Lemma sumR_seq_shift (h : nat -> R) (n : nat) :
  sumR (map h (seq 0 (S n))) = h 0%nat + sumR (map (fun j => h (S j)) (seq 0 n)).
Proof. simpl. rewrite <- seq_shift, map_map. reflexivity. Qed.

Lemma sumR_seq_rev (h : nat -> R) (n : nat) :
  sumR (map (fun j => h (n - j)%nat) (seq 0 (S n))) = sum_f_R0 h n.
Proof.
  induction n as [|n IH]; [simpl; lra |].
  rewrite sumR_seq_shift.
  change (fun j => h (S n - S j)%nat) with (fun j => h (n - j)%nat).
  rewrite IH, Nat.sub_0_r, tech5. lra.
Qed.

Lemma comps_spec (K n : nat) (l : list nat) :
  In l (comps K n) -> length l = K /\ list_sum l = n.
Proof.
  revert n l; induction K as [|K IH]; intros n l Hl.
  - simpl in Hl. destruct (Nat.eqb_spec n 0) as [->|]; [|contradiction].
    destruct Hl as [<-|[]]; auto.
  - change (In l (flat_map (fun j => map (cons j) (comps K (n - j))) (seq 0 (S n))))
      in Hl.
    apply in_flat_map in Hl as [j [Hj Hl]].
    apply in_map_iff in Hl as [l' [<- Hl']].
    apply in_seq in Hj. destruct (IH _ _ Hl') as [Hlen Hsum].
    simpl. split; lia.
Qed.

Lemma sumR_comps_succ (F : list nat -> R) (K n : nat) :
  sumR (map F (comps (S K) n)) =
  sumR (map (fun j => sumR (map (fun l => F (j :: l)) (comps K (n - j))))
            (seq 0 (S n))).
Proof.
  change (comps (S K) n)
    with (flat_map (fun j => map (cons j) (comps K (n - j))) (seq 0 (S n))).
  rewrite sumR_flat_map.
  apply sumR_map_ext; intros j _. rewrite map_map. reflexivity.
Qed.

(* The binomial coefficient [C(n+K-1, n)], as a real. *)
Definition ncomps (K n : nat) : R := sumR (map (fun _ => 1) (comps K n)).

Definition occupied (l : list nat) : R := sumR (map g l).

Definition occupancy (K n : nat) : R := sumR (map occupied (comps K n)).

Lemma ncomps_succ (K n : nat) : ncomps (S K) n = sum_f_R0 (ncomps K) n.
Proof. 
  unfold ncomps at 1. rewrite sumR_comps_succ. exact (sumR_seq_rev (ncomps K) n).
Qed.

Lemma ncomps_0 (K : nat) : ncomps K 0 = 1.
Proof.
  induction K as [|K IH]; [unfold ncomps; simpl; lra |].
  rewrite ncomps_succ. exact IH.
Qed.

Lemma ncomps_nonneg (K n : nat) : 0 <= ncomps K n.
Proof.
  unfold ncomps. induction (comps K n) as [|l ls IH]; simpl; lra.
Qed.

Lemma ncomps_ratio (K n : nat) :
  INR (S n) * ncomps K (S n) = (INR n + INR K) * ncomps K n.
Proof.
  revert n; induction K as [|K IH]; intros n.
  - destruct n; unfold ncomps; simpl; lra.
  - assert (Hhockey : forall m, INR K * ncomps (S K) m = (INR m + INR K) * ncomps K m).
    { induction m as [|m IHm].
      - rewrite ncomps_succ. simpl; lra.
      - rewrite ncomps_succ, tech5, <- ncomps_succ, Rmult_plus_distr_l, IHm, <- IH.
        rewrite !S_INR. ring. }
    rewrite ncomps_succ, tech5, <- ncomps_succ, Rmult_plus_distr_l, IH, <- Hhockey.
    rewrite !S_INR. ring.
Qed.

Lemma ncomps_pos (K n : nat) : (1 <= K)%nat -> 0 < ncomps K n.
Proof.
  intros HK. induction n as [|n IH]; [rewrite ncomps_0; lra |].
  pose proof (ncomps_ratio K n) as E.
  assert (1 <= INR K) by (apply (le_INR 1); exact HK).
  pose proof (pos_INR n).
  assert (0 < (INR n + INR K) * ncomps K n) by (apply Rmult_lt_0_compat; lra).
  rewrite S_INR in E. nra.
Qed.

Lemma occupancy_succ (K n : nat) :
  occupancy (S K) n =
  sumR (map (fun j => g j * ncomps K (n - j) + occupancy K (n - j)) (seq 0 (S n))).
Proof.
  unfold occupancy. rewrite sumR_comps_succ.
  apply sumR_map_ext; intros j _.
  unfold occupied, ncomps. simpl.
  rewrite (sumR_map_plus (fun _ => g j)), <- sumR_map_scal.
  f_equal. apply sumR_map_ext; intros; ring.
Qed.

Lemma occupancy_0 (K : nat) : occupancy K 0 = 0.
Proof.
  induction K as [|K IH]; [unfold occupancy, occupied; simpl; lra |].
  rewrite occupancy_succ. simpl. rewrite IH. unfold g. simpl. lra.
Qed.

+++

| Aim of the task |
Among the entries, copy every line containing the word "with".

| Problem solution |
  change (fun j => h (S n - S j)%nat) with (fun j => h (n - j)%nat).
    with (flat_map (fun j => map (cons j) (comps K (n - j))) (seq 0 (S n))).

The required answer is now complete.